*Material for the task:*
Lemma exists_weighting k : 2 < r -> r <= k ->
  exists (w : point -> nat) (V : {set point}),
  [/\ V \in L, \sum_p w p = r * (r - 1) * k,
      forall l, l \in L -> \sum_(p in l) w p <= r * k - 1,
      forall p, 0 < w p -> \sum_(q in par p V :\ p) w q <= (r - 2) * k + 1
    & exists2 p, 0 < w p & \sum_(q in par p V :\ p) w q = (r - 2) * k + 1].
Proof.
move=> r_gt2 r_le_k.
have r2_gt0 : 0 < r ^ 2 by rewrite expn_gt0 (ltnW r_gt1).
pose o : point := Ordinal r2_gt0.
have lines_o : 2 < #|[set l in L | o \in l]| by rewrite card_lines_through ltnS ltnW.
have [A [V [Y []]]] := exists_three_distinct lines_o.
rewrite !inE => /andP [A_line o_A] /and3P [V_A V_line o_V] /and4P [Y_V Y_A Y_line o_Y].
have A_V : A != V by rewrite eq_sym.
have A_Y : A != Y by rewrite eq_sym.
have V_Y : V != Y by rewrite eq_sym.
have [z [z_V z_o z_A]] := exists_point_off o r_gt2 V_line A_line V_A.
have [Az_line z_Az Az_A] := parP z A_line.
have Y_Az : Y != par z A.
  apply: contraNneq z_A => Y_Az.
  by rewrite -(parallel_eq Az_A (_ : o \in par z A) o_A) // -Y_Az.
have [p1 [p1_Y p1_o p1_Az]] := exists_point_off o r_gt2 Y_line Az_line Y_Az.
have [Ap_line _ Ap_A] := parP p1 A_line.
have [p0 p0_Ap p0_V] : exists2 p0, p0 \in par p1 A & p0 \in V.
  apply: not_parallel_meet; apply: contra (meet_not_parallel A_V o_A o_V) => Ap_V.
  by apply: (parallel_trans A_line Ap_line V_line) => //; rewrite parallel_sym.
exists (weight k o z p1 p0 A Y), V; split=> //.
all: by case: (weight_spec r_gt2 r_le_k A_line V_line Y_line
  o_A o_V o_Y A_V A_Y V_Y z_V z_o p1_Y p1_o p1_Az p0_V p0_Ap).
Qed.

End AffinePlane.

Lemma exists_multiplier (n r : nat) : 2 < r ->
    r * (r - 1) * ((r - 1) * (r - 2) + 1) <= n -> r ^ 2 - r %| n ->
  exists2 k, n = r * (r - 1) * k & r <= k.
Proof.
move=> r_gt2 n_ge r2r_dvd; set k := n %/ (r * (r - 1)).
have r2r : r ^ 2 - r = r * (r - 1) by rewrite mulnBr muln1 expnS expn1.
have n_eq : n = r * (r - 1) * k by rewrite mulnC divnK // -r2r.
exists k => //; move: n_ge; rewrite {1}n_eq leq_pmul2l; first by move: r_gt2; clear; nia.
by rewrite muln_gt0 subn_gt0 ltnW ?(ltnW r_gt2).
Qed.

Import GRing.Theory Num.Theory.
Local Open Scope ring_scope.

Lemma min_degree_formula (R : numFieldType) (r k : nat) : (2 < r)%N -> (0 < k)%N ->
  ((r * (r - 1) * k).-1 - ((r - 2) * k + 1))%:R =
    (1 - (r%:R - 2) / (r%:R ^+ 2 - r%:R)) * (r * (r - 1) * k)%:R - 2 :> R.
Proof.
move=> r_gt2 k_gt0.
have -> : ((r * (r - 1) * k).-1 - ((r - 2) * k + 1) = r * (r - 1) * k - ((r - 2) * k + 2))%N.
  by rewrite -subn1 -subnDA add1n -addnS.
have le_n : ((r - 2) * k + 2 <= r * (r - 1) * k)%N by move: r_gt2 k_gt0; clear; nia.
rewrite natrB // natrD !natrM !natrB ?(ltnW (ltnW r_gt2)) ?(ltnW r_gt2) //.
have r2r_neq0 : r%:R ^+ 2 - r%:R != 0 :> R.
  have r_lt_r2 : (r < r ^ 2)%N by rewrite expnS expn1 ltn_Pmull // ltnW // ltnW.
  by rewrite -natrX -natrB ?(ltnW r_lt_r2) // pnatr_eq0 subn_eq0 -ltnNge.
by move: r2r_neq0; move: (r%:R : R) (k%:R : R) => x y x_neq0; field.
Qed.

Lemma mc_formula (R : numFieldType) (r k m : nat) : (1 < r)%N -> (0 < k)%N ->
  (m <= r * k - 1)%N -> m%:R < (r * (r - 1) * k)%:R / (r%:R - 1) :> R.
Proof.
move=> r_gt1 k_gt0 m_le; have r1_neq0 : r%:R - 1 != 0 :> R.
  by rewrite subr_eq0 pnatr_eq1 gtn_eqF.
rewrite (_ : _ / _ = (r * k)%:R); last first.
  rewrite !natrM natrB ?(ltnW r_gt1) //.
  by move: r1_neq0; move: (r%:R : R) (k%:R : R) => x y x_neq0; field.
by rewrite ltr_nat (leq_ltn_trans m_le) // subn1 prednK ?muln_gt0 ?(ltnW r_gt1).
Qed.

Theorem theorem1p3 (n r : nat) :
  (3 <= r)%N ->
  (r * (r - 1) * ((r - 1) * (r - 2) + 1) <= n)%N ->
  (r ^ 2 - r %| n)%N ->
  affine_plane_exists r ->
  exists G : rel 'I_n,
    [/\ simple_graph G,
        (min_degree G)%:R = (1 - (r%:R - 2) / (r%:R ^+ 2 - r%:R)) * n%:R - 2 :> rat
      & (mc r G)%:R < n%:R / (r%:R - 1) :> rat].
Proof.
move=> r_gt2 n_ge r2r_dvd [L [_ card_line unique_line]].
have r_gt1 : (1 < r)%N := ltnW r_gt2.
have [k -> r_le_k] := exists_multiplier r_gt2 n_ge r2r_dvd.
have k_gt0 : (0 < k)%N := leq_trans (ltnW r_gt1) r_le_k.
have [w [V [V_line w_sum w_line w_deg w_deg_eq]]] :=
  exists_weighting r_gt1 card_line unique_line r_gt2 r_le_k.
have [G [G_simple G_deg G_mc]] :=
  exists_blowup r_gt1 card_line unique_line V_line w_sum w_line w_deg w_deg_eq.
exists G; split=> //; first by rewrite G_deg min_degree_formula.
exact: mc_formula G_mc.
Qed.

*Work order:* Count, in the records above, the lines that contain "parP", and write only the resulting number.

*Your solution:* 2